Exploration of muscle–tendon biomechanics one year after Achilles tendon rupture and the compensatory role of flexor hallucis longus
Khair, R. M., Stenroth, L., Cronin, N. J., Ponkilainen, V., Reito, A., & Finni, T. (2023). Exploration of muscle–tendon biomechanics one year after Achilles tendon rupture and the compensatory role of flexor hallucis longus. Journal of Biomechanics, 152, Article 111586. https://doi.org/10.1016/j.jbiomech.2023.111586
Published inJournal of Biomechanics
© 2023 The Author(s). Published by Elsevier Ltd.

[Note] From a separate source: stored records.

(* The reductions $\to_w$ and $\to_{w\neg gcv} := \to_{wm}\cup\to_{we}$ of the silly substitution calculus are confluent.
   Context: Terms: $t,u,s ::= x \mid \lambda x.t \mid t\,u \mid t[x\backslash u]$, where $t[x\backslash u]$ is an explicit substitution binding $x$ in $t$; terms up to $\alpha$-renaming; $\mathrm{fv}(t[x\backslash u]) = (\mathrm{fv}(t)\setminus\{x\})\cup \mathrm{fv}(u)$. Values: $v ::= \lambda x.t$. Substitution contexts: $S ::= \langle\cdot\rangle \mid S[x\backslash u]$. Weak contexts: $W ::= \langle\cdot\rangle \mid W\,t \mid t\,W \mid t[x\backslash W] \mid W[x\backslash u]$. $W\langle\langle t\rangle\rangle$ denotes plugging $t$ in $W$ where $W$ does not capture free variables of $t$. Root rules: $S\langle \lambda x.t\rangle u \mapsto_m S\langle t[x\backslash u]\rangle$; $W\langle\langle x\rangle\rangle[x\backslash u] \mapsto_{e} W\langle\langle u\rangle\rangle[x\backslash u]$ ($W$ weak context); $t[x\backslash S\langle v\rangle] \mapsto_{gcv} S\langle t\rangle$ if $x\notin\mathrm{fv}(t)$. $\to_{wm},\to_{we},\to_{wgcv}$ are their closures under weak contexts; $\to_w$ is their union. A relation $\to$ is confluent if whenever $t\to^* u_1$ and $t\to^* u_2$ there is $s$ with $u_1\to^* s$ and $u_2\to^* s$. *)

(* Silly substitution calculus (weak), terms in de Bruijn
   representation (= terms up to alpha-renaming). *)
From Stdlib Require Import Arith List Relations.
Import ListNotations.

(* t ::= x | \x.t | t u | t[x\u]; in [ES t u] (= t[x\u]) the body t is
   under one binder (index 0 = x), u is not. *)
Inductive term : Type :=
| Var : nat -> term
| Lam : term -> term
| App : term -> term -> term
| ES  : term -> term -> term.

Fixpoint lift (k c : nat) (t : term) : term :=
  match t with
  | Var n => if n <? c then Var n else Var (n + k)
  | Lam b => Lam (lift k (S c) b)
  | App t1 t2 => App (lift k c t1) (lift k c t2)
  | ES t1 t2 => ES (lift k (S c) t1) (lift k c t2)
  end.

Achilles tendon (AT) rupture leads to long-term structural and functional impairments. Currently, the predictors of good recovery after rupture are poorly known. Thus, we aimed to explore the interconnections between structural, mechanical, and neuromuscular parameters and their associations with factors that could explain good recovery in patients with non-surgically treated AT rupture. A total of 35 patients with unilateral rupture (6 females) participated in this study. Muscle-tendon structural, mechanical, and neuromuscular parameters were measured 1-year after rupture. Interconnections between the inter-limb differences (Δ) were explored using partial correlations, followed by multivariable linear regression to find associations between the measured factors and the following markers that indicate good recovery: 1) tendon length, 2) tendon non-uniform displacement, and 3) flexor hallucis longus (FHL) normalized EMG amplitude difference between limbs. Δmedial gastrocnemius (MG) (β = −0.12, p = 0.007) and Δlateral gastrocnemius (β = −0.086, p = 0.030) subtendon lengths were associated with MG tendon Δstiffness. MG (β = 11.56, p = 0.003) and soleus (β = 2.18, p = 0.040) Δsubtendon lengths explained 48 % of variance in FHL EMG amplitude. Regression models for tendon length and non-uniform displacement were not significant. Smaller inter-limb differences in Achilles subtendon lengths were associated with smaller differences in the AT stiffness between limbs, and a smaller contribution of FHL muscle to the plantarflexion torque. In the injured limb, the increased contribution of FHL appears to partially counteract a smaller contribution from MG due to the elongated tendon, however the role of FHL should not be emphasized during rehabilitation to allow recovery of the TS muscles. ...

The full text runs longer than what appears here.